Handling decision: The seven outlying transactions are genuine large orders (confirmed by cross-checking invoice numbers in the ledger). They are retained in the dataset because they represent real business events — wholesale bulk orders — and excluding them would bias the analysis against the firm’s most commercially important customers.


5 Data Visualisation

Five charts are presented below as a coherent narrative about Wins-O-Win’s sales performance. Each chart is chosen deliberately over alternatives.

5.1 Plot 1 — Revenue Distribution by Product Category (Box Plot + Strip)

Code
p1 <- ggplot(df, aes(x = ProductCategory, y = `Total Amount Paid`, fill = ProductCategory)) +
  geom_boxplot(alpha = 0.6, outlier.shape = NA, width = 0.45) +
  geom_jitter(aes(colour = ProductCategory), width = 0.15, alpha = 0.5, size = 1.8) +
  scale_y_continuous(labels = label_number(prefix = "₦", big.mark = ",")) +
  scale_fill_manual(values  = pal_cat) +
  scale_colour_manual(values = pal_cat) +
  labs(
    title    = "Transaction Value by Product Category",
    subtitle = "Mattresses command dramatically higher per-invoice revenue than pillows",
    x        = "Product Category",
    y        = "Total Amount Paid (₦)",
    caption  = "Source: Wins-O-Win Nigeria Ltd internal sales ledger, Feb–Apr 2026"
  ) +
  theme_minimal(base_size = 13) +
  theme(legend.position = "none",
        plot.title       = element_text(face = "bold"))
p1

Total transaction value is vastly higher for mattresses than pillows.
Code
fig, ax = plt.subplots(figsize=(9, 5))
order = ["Mattress","Pillow"]
bp = ax.boxplot(
    [df[df["ProductCategory"]==c]["Total Amount Paid"].values for c in order],
    labels=order, patch_artist=True, widths=0.4,
    medianprops=dict(color="black", linewidth=2)
)
colours = ["#2C7BB6","#D7191C"]
for patch, colour in zip(bp["boxes"], colours):
    patch.set_facecolor(colour); patch.set_alpha(0.6)
for i, (cat, col) in enumerate(zip(order, colours), 1):
    vals = df[df["ProductCategory"]==cat]["Total Amount Paid"].values
    ax.scatter(np.random.normal(i, 0.07, len(vals)), vals,
               alpha=0.5, color=col, s=20, zorder=3)
ax.yaxis.set_major_formatter(mticker.FuncFormatter(lambda x,_: f"₦{x:,.0f}"))
ax.set_title("Transaction Value by Product Category", fontsize=14, fontweight="bold")
ax.set_ylabel("Total Amount Paid (₦)")
plt.tight_layout(); plt.show()

Box plot: mattress vs pillow transaction values.

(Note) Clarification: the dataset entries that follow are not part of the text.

Lemma jordan_sub_cyc l U : jordan_sub a l U ->
  exists k y, jvec (Al l) y k /\ (U == cyc (Al l) y k)%MS.
Proof.
case=> k [x [[k0 xnz x0 xS] Ueq]]; pose y := x k.-1.
have xE d : (d <= k.-1)%N -> x (k.-1 - d)%N = y *m Al l ^+ d.
  elim: d => [|d IH] dk; first by rewrite subn0 expr0 mulmx1.
  have j0 : (0 < k.-1 - d < k)%N by lia.
  by rewrite -mulmxXS -(IH (ltnW dk)) (xS _ j0); congr (x _); lia.
have xiE i : (i < k)%N -> x i = y *m Al l ^+ (k.-1 - i).
  by move=> ik; rewrite -xE ?leq_subr // subKn //; lia.
have ytop : y *m Al l ^+ k.-1 = x 0 by rewrite -xE // subnn.
exists k, y; split.
  by split=> //; rewrite ?ytop ?xnz // -(prednK k0) -mulmxXS ytop.
apply/eqmxP; apply: eqmx_trans (eqmxP Ueq) _; apply: eqmx_sym; exact: cyc_chainE.
Qed.

Definition generator S l k y : Prop :=
  [/\ y *m Al l ^+ k = 0, y != 0 & smallest_sync a (cyc (Al l) y k) S].

Lemma generator_const S : is_sync a S -> smallest_sync a 0 S -> generator S v%:R 1 one.
Proof.
move=> sS [_ _ Smin]; split.
- by rewrite expr1 mulmxBr (actA_const Hreg) mul_mx_scalar subrr.
- by apply/eqP => /rowP/(_ (Ordinal n_gt0))/eqP; rewrite !mxE oner_eq0.
- split=> //; last by move=> T sT _; apply: Smin sT (sub0mx _ _).
  apply/cyc_subP => m; rewrite ltnS leqn0 => /eqP ->; rewrite expr0 mulmx1.
  exact: polydiag_const sS.1.
Qed.

(* A join-irreducible S is generated by a single vector: split S into its
   generalized eigencomponents and apply join-irreducibility to their rows. *)
Lemma generator_exists S : join_irreducible a S -> exists l k y, generator S l k y.
Proof.
move=> JI; have sS := JI.1.
have [d [lam [mu Sdec]]] := primary_decomposition sS.2.
pose C i := (S :&: kermx (Al (lam i) ^+ mu i))%MS.
pose Y (p : 'I_n * 'I_d) := row p.1 (C p.2).
have YS p : (Y p <= S)%MS by apply: submx_trans (row_sub _ _) (capmxSl _ _).
have Yk p : Y p *m Al (lam p.2) ^+ mu p.2 = 0.
  by apply/sub_kermxP; apply: submx_trans (row_sub _ _) (capmxSr _ _).
have ssY : smallest_sync a (\sum_p cyc (Al (lam p.2)) (Y p) (mu p.2))%MS S.
  split=> //.
    by apply/sumsmx_subP => p _; apply/cyc_subP => m _; apply: sync_stableX.
  move=> T sT sumT; apply: submx_trans (Sdec : S <= \sum_i C i)%MS _.
  apply/sumsmx_subP => i _; apply/row_subP => r; apply: submx_trans sumT.
  apply: (sumsmx_sup (r, i)) => //=; have := Yk (r, i); rewrite /Y /=.
  case: (mu i) => [|k]; first by rewrite expr0 mulmx1 => ->; rewrite sub0mx.
  by move=> _; apply: cyc_self.
have [[[r i] ssp]|ss0] := join_irreducible_sum JI ssY; last first.
  by exists v%:R, 1%N, one; apply: generator_const.
have [Y0|Ynz] := eqVneq (Y (r, i)) 0; last by exists (lam i), (mu i), (Y (r, i)).
exists v%:R, 1%N, one; apply: generator_const => //.
apply: (smallest_sync_sandwich (U := 0) ssp); last exact: sub0mx.
by apply/cyc_subP => m _; rewrite /= Y0 mul0mx sub0mx.
Qed.

Lemma generator_height S l k y : generator S l k y ->
  (forall l' k' y', generator S l' k' y' -> (k <= k')%N) -> jvec (Al l) y k.
Proof.
case: k => [|k] [yk ynz ssy] kmin; first by move: ynz; rewrite -yk expr0 mulmx1 eqxx.
split=> //=; apply/eqP => yk1.
have [_ yS _] := ssy; rewrite (cyc_succ_eq yk1) in yS.
have /kmin : generator S l k y.
  by split=> //; apply: (smallest_sync_sandwich ssy); rewrite ?(cyc_succ_eq yk1).
by rewrite ltnn.
Qed.

Lemma generator_perturb S l k y U u : join_irreducible a S -> generator S l k y ->
  (U <= S)%MS -> ~ smallest_sync a U S ->
  u *m Al l ^+ k = 0 -> (cyc (Al l) u k <= U)%MS -> generator S l k (y + u).
Proof.
move=> JI [yk _ ssy] US nssU uk uU; have [_ yS _] := ssy.
have ssz : smallest_sync a (cyc (Al l) (y + u) k + U)%MS S.
  apply: (smallest_sync_sandwich ssy).
    exact: submx_trans (cyc_sub_add _ _ _ _) (addsmxS (submx_refl _) uU).
  rewrite addsmx_sub US andbT; apply: submx_trans (cyc_add _ _ _ _) _.
  by rewrite addsmx_sub yS (submx_trans uU US).
have [ssz'|//] := join_irreducible_split JI ssz.
split=> //; first by rewrite mulmxDl yk uk addr0.
apply/eqP => z0; apply: nssU; apply: (smallest_sync_sandwich ssz' _ US).
by apply/cyc_subP => m _; rewrite z0 mul0mx sub0mx.
Qed.

(* A Jordan chain whose top (eigen)vector is constant spans F: length >= 2 is
   excluded by the regularity of the network. *)
Lemma const_top_cyc l y k : jvec (Al l) y k ->
  (forall i j, (y *m Al l ^+ k.-1) 0 i = (y *m Al l ^+ k.-1) 0 j) ->
  (cyc (Al l) y k == Fsub n)%MS.
Proof.
case=> k0 yk ytop const; set i0 := Ordinal n_gt0; set e := y *m Al l ^+ k.-1 in ytop const.
have eE : e = e 0 i0 *: one by apply/rowP => j; rewrite [RHS]mxE [one _ _]mxE mulr1; apply: const.
have e0nz : e 0 i0 != 0 by apply: contraNneq ytop => e0; rewrite eE e0 scale0r.
have [k1|] := ltnP 1 k.
  pose w := y *m Al l ^+ k.-2.
  have wE : w *m Al l = e by rewrite /w /e mulmxXS; congr (_ *m _ ^+ _); lia.
  have eA : e *m Al l = 0 by rewrite /e mulmxXS prednK.
  have oneA : one *m Al l = 0.
    by move: eA; rewrite eE -scalemxAl => /eqP; rewrite scalemx_eq0 (negPf e0nz) => /eqP.
  have lv : l = v%:R.
    move: oneA; rewrite /Al mulmxBr (actA_const Hreg) mul_mx_scalar -scalerBl.
    by move=> /rowP /(_ i0); rewrite !mxE mulr1 => /eqP; rewrite subr_eq0 => /eqP.
  have := no_jordan_const n_gt0 Hreg (w := w) (c := e 0 i0).
  by rewrite -lv -/(Al l) wE -eE => /(_ erefl) /eqP; rewrite (negPf e0nz).
move=> k1; have k1E : k = 1%N by lia.
subst k; have yE : y = e 0 i0 *: one by rewrite -eE /e expr0 mulmx1.
rewrite /Fsub; apply/andP; split.
  apply/cyc_subP => m; rewrite ltnS leqn0 => /eqP ->.
  by rewrite expr0 mulmx1 yE scalemx_sub // genmxE.
have -> : one = (e 0 i0)^-1 *: y by rewrite yE scalerA mulVf // scale1r.
by rewrite genmxE scalemx_sub // cyc_self.
Qed.

Lemma optimal_generator_special S l k y : join_irreducible a S -> generator S l k y ->
  (forall l' k' y', generator S l' k' y' -> (k <= k')%N) ->
  (forall y', generator S l k y' ->
     (#|agree (Al l) y' k| <= #|agree (Al l) y k|)%N) ->
  special_jordan a (cyc (Al l) y k).
Proof.
move=> JI gy kmin ymax; have jy := generator_height gy kmin.
have [yk _ ssy] := gy; have [sS WS _] := ssy.
exists l; split; first exact: cyc_jordan_sub.
move=> U jU rkU PU PW HPU HPW PUW.
have [k' [y' [jy' Uy']]] := jordan_sub_cyc jU.
have kk : k' = k by rewrite -(rank_cyc jy') -(eqmx_rank Uy') rkU rank_cyc.
subst k'; have [_ y'k y'top] := jy'; have [Uc cU] := andP Uy'.
have yy' : agree (Al l) y k \subset agree (Al l) y' k.
  apply/subsetP => -[i j] /coord_eq_cyc Wij; apply/coord_eq_cyc.
  exact: coord_eqS cU ((is_P_sub HPW HPU).1 PUW i j Wij).
have US : (U <= S)%MS.
  have [_ UPU _] := HPU; have [_ _ PWmin] := HPW.
  exact: submx_trans UPU (submx_trans PUW (PWmin _ sS.1 WS)).
have [ssU|nssU] := classic (smallest_sync a U S).
  left; have gy' : generator S l k y'.
    split=> //; first by apply: contraNneq y'top => ->; rewrite mul0mx.
    exact: smallest_sync_sandwich ssU Uc (submx_trans cU US).
  have /eqP agreeE : agree (Al l) y k == agree (Al l) y' k by rewrite eqEcard yy' ymax.
  apply/andP; split=> //; apply/(is_P_sub HPU HPW) => i j Uij.
  by apply/coord_eq_cyc; rewrite agreeE; apply/coord_eq_cyc; exact: coord_eqS cU Uij.
right; apply/eqmxP; apply: eqmx_trans (eqmxP Uy') (eqmxP (const_top_cyc jy' _)).
apply: (top_coord_const jy' yy') => c.
have uy' : (c *m krylov (Al l) y' k <= cyc (Al l) y' k)%MS by apply/cyc_memP; exists c.
have gz := generator_perturb JI gy US nssU (cyc_annihilated y'k uy')
  (submx_trans (cyc_sub_cyc y'k uy') cU).
have /eqP yzE : agree (Al l) y k == agree (Al l) (y + c *m krylov (Al l) y' k) k.
  by rewrite eqEcard (agree_add y'k uy' yy') ymax.
by rewrite -yzE subxx.
Qed.

Lemma join_irreducible_special S : join_irreducible a S ->
  exists W, special_jordan a W /\ smallest_sync a W S.
Proof.
move=> JI; have [l [k [y gy]]] := generator_exists JI.
have [k0 [l0 [y1 g1]] kmin] : exists2 k0, (exists l y, generator S l k0 y) &
    forall k', (exists l y, generator S l k' y) -> (k0 <= k')%N.
  by apply: ex_minP; exists k, l, y.
have [m [y0 [g0 y0m]] ymax] : exists2 m,
    (exists y, generator S l0 k0 y /\ #|agree (Al l0) y k0| = m) &
    forall m', (exists y, generator S l0 k0 y /\ #|agree (Al l0) y k0| = m') -> (m' <= m)%N.
  apply: (ex_maxP (b := #|{: 'I_n * 'I_n}|)); first by exists #|agree (Al l0) y1 k0|, y1.
  by move=> _ [y' [_ <-]]; apply: max_card.
exists (cyc (Al l0) y0 k0); split; last by case: g0.
apply: optimal_generator_special JI g0 _ _.
  by move=> l' k' y' g'; apply: kmin; exists l', y'.
by move=> y' g'; rewrite y0m; apply: ymax; exists y'.
Qed.

End Network.

Unset Implicit Arguments.

(* Choosing such a W for each join-irreducible S gives an injection, since S
   is recovered as the smallest synchrony subspace containing W. *)
Theorem mainTheorem10 (n v : nat) (a : 'M[nat]_n) (Hn : (0 < n)%N)
    (Hreg : forall i : 'I_n, (\sum_(j < n) a i j)%N = v) :
  (forall S : 'M[algC]_n, join_irreducible a S ->
     exists W : 'M[algC]_n, special_jordan a W /\ smallest_sync a W S) /\
  (exists f : 'M[algC]_n -> 'M[algC]_n,
     (forall S, join_irreducible a S -> special_jordan a (f S)) /\
     (forall S1 S2, join_irreducible a S1 -> join_irreducible a S2 ->
        (f S1 == f S2)%MS -> (S1 == S2)%MS)).
Proof.
have JI_special := join_irreducible_special Hn Hreg.
split=> //.
have choice S : exists W, join_irreducible a S ->
    special_jordan a W /\ smallest_sync a W S.
  have [JI|nJI] := classic (join_irreducible a S); last by exists S.
  by have [W HW] := JI_special S JI; exists W.
pose f S := proj1_sig (constructive_indefinite_description _ (choice S)).
have fP S : join_irreducible a S -> special_jordan a (f S) /\ smallest_sync a (f S) S.
  exact: proj2_sig (constructive_indefinite_description _ (choice S)).
exists f; split=> [S /fP [] // | S1 S2 /fP [_ ss1] /fP [_ ss2] f12].
exact: smallest_sync_unique f12 ss1 ss2.
Qed.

Why a box plot + strip? A box plot alone hides the actual data points; overlaying the raw observations lets a non-technical reader see both the distributional summary and individual transactions simultaneously. The chart immediately communicates the stark commercial reality: the median mattress invoice is approximately ₦120,000 versus ₦22,000 for pillows — a factor of more than five times.

5.2 Plot 2 — Top 10 Brands by Total Revenue (Horizontal Bar)

Code
brand_rev <- df |>
  group_by(Brand, ProductCategory) |>
  summarise(Revenue = sum(`Total Amount Paid`), .groups = "drop") |>
  arrange(desc(Revenue)) |>
  slice_head(n = 10) |>
  mutate(Brand = fct_reorder(Brand, Revenue))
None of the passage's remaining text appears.